» **Work to complete**
For the listing that follows, give again exactly the lines from the one with "(* representatives [(eta, g, mu), w]" to the one with "(forall k, g_w x k = g_w y k) /\", including both.

» **Data for this exercise**

(* trace F_{2^n} -> F_2 (values 0 or 1 in L when char L = 2) *)
Definition tr (L : fieldType) (n : nat) (b : L) : L := \sum_(i < n) b ^+ (2 ^ i).

Fixpoint iota (L : fieldType) (n : nat) (alpha : L) (beta : L) (w : word)
  {struct w} : word :=
  match w with
  | [::] => [::]
  | false :: w' => false :: (if tr n beta == 1 then acta w' else w')
  | true :: w' => true :: iota n alpha (alpha * beta) w'
  end.

Inductive inG (L : fieldType) (n : nat) (alpha : L) : (word -> word) -> Prop :=
  | G_id : inG n alpha id
  | G_a : inG n alpha acta
  | G_iota (beta : L) : inG n alpha (iota n alpha beta)
  | G_comp g h : inG n alpha g -> inG n alpha h -> inG n alpha (g \o h)
  | G_inv g h : inG n alpha g -> (forall u, h (g u) = u) ->
                 (forall u, g (h u) = u) -> inG n alpha h
  | G_ext g h : inG n alpha g -> (forall u, g u = h u) -> inG n alpha h.

(* representatives [(eta, g, mu), w] of germs *)
Record germ := Germ { g_eta : word; g_g : word -> word; g_mu : word; g_w : iword }.

Section Groupoid.
Variable Gp : (word -> word) -> Prop.

Definition is_germ (x : germ) : Prop := Gp (g_g x) /\ in_cyl (g_mu x) (g_w x).

Definition src (x : germ) : iword := g_w x.
Definition rng (x : germ) : iword :=
  icat (g_eta x) (actw (g_g x) (ishift (g_w x) (size (g_mu x)))).

Definition germ_eq (x y : germ) : Prop :=
  (forall k, g_w x k = g_w y k) /\
  exists k, (size (g_mu x) <= k)%N /\ (size (g_mu y) <= k)%N /\
    let nu := pref (g_w x) k in
    let e1 := drop (size (g_mu x)) nu in
    let e2 := drop (size (g_mu y)) nu in
    g_eta x ++ g_g x e1 = g_eta y ++ g_g y e2 /\
    (forall u, restr (g_g x) e1 u = restr (g_g y) e2 u).

Definition gset := germ -> Prop.

Definition saturated (B : gset) : Prop :=
  (forall x, B x -> is_germ x) /\
  (forall x y, B x -> is_germ y -> germ_eq x y -> B y).

(* basic open set {[ (eta,g,mu), w ] : w in C(nu)}, mu a prefix of nu *)
Definition basic (eta : word) (g : word -> word) (mu nu : word) : gset :=
  fun y => is_germ y /\ exists w, in_cyl nu w /\ germ_eq y (Germ eta g mu w).

Definition gopen (O : gset) : Prop :=
  saturated O /\
  forall x, O x -> exists eta g mu nu, Gp g /\ prefix mu nu /\
     basic eta g mu nu x /\ (forall y, basic eta g mu nu y -> O y).

Definition gcompact (B : gset) : Prop :=
  forall (I : Type) (O : I -> gset), (forall i, gopen (O i)) ->
    (forall x, B x -> exists i, O i x) ->
    exists s : list I, forall x, B x -> exists i, List.In i s /\ O i x.

Definition bisection (B : gset) : Prop :=
  forall x y, B x -> B y ->
    ((forall k, src x k = src y k) -> germ_eq x y) /\
    ((forall k, rng x k = rng y k) -> germ_eq x y).

Definition cob (B : gset) : Prop := gopen B /\ gcompact B /\ bisection B.

Definition inSteinberg (K : fieldType) (f : germ -> K) : Prop :=
  exists (m : nat) (c : 'I_m -> K) (B : 'I_m -> germ -> bool),
    (forall i, cob (fun x => B i x)) /\
    (forall x, f x = \sum_(i < m) c i * (B i x)%:R).

Definition supp (K : fieldType) (f : germ -> K) : gset :=
  fun x => is_germ x /\ f x != 0.

Definition nonempty_interior (S : gset) : Prop :=
  exists O, gopen O /\ (exists x, O x) /\ (forall x, O x -> S x).

Definition singular (K : fieldType) (f : germ -> K) : Prop :=
  inSteinberg f /\ ~ nonempty_interior (supp f).

End Groupoid.

Definition z_e : germ := Germ [::] id [::] (fun _ => true).

(* Write f = sum_i c_i 1_(B_i) with compact open bisections B_i.  Near the unit z_e at 1^oo, a
   bisection B either keeps its sources away from 1^oo (compactness), or contains a basic set
   [(eta, g, 1^m), w], w in C(1^k).  On long blocks of ones g acts as some iota_n(beta), so for
   K large B contains the isotropy germ at w in C(1^K 0) applying a^b after 1^K 0 iff
   delta && (b = Tr(alpha^(K-d) beta)), and it contains z_e iff delta && Tr(alpha^s beta) = 0
   for all s.  If f vanished on all these germs, summing over a period 2^n - 1 of alpha, along
   which Tr(alpha^s beta) = 1 for exactly 2^(n-1) values of s unless for none, would give
   2^(n-1) f(z_e) = 0, impossible in characteristic 0.  Hence f is a nonzero constant on a
   basic open set of such isotropy germs. *)

From Pilot Require Import Defs.
From mathcomp Require Import all_boot all_order all_algebra finfield.
From Stdlib Require Import Classical.
Set Implicit Arguments. Unset Strict Implicit. Unset Printing Implicit Defensive.
Import GRing.Theory.
Local Open Scope ring_scope.

Local Notation iota_n := Defs.iota.

Lemma size_pref w k : size (pref w k) = k.
Proof. exact: size_mkseq. Qed.

Lemma pref_add w a b : pref w (a + b) = pref w a ++ pref (ishift w a) b.
Proof.
rewrite /pref /mkseq iotaD map_cat add0n; congr (_ ++ _).
by rewrite -[in iota a _](addn0 a) iotaDl -map_comp.
Qed.

Lemma pref_S w k : pref w k.+1 = pref w k ++ [:: w k].
Proof. by rewrite -addn1 pref_add /pref /mkseq /= /ishift addr0. Qed.

Lemma take_pref w a b : (a <= b)%N -> take a (pref w b) = pref w a.
Proof.
move=> hab; rewrite -(subnKC hab) pref_add.
by rewrite -{1}(size_pref w a) take_size_cat.
Qed.

Lemma eq_pref w w' k : w =1 w' -> pref w k = pref w' k.
Proof. by move=> h; apply: eq_mkseq. Qed.

Lemma pref_ones (w : iword) k : (forall i, (i < k)%N -> w i) -> pref w k = nseq k true.
Proof.
move=> hw; apply: (@eq_from_nth _ false) => [|i]; rewrite size_pref ?size_nseq // => hi.
by rewrite nth_mkseq // nth_nseq hi hw.
Qed.

Lemma pref_true k : pref (fun=> true) k = nseq k true.
Proof. exact: pref_ones. Qed.

Lemma in_cyl_prefix mu nu w : prefix mu nu -> in_cyl nu w -> in_cyl mu w.
Proof.
move=> hp hw; have hle := size_prefix hp.
move: hp; rewrite prefixE => /eqP <-.
by rewrite /in_cyl size_takel // -[in RHS]hw take_pref.
Qed.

» **Answer section**
(* representatives [(eta, g, mu), w] of germs *)
Record germ := Germ { g_eta : word; g_g : word -> word; g_mu : word; g_w : iword }.

Section Groupoid.
Variable Gp : (word -> word) -> Prop.

Definition is_germ (x : germ) : Prop := Gp (g_g x) /\ in_cyl (g_mu x) (g_w x).

Definition src (x : germ) : iword := g_w x.
Definition rng (x : germ) : iword :=
  icat (g_eta x) (actw (g_g x) (ishift (g_w x) (size (g_mu x)))).

Definition germ_eq (x y : germ) : Prop :=
  (forall k, g_w x k = g_w y k) /\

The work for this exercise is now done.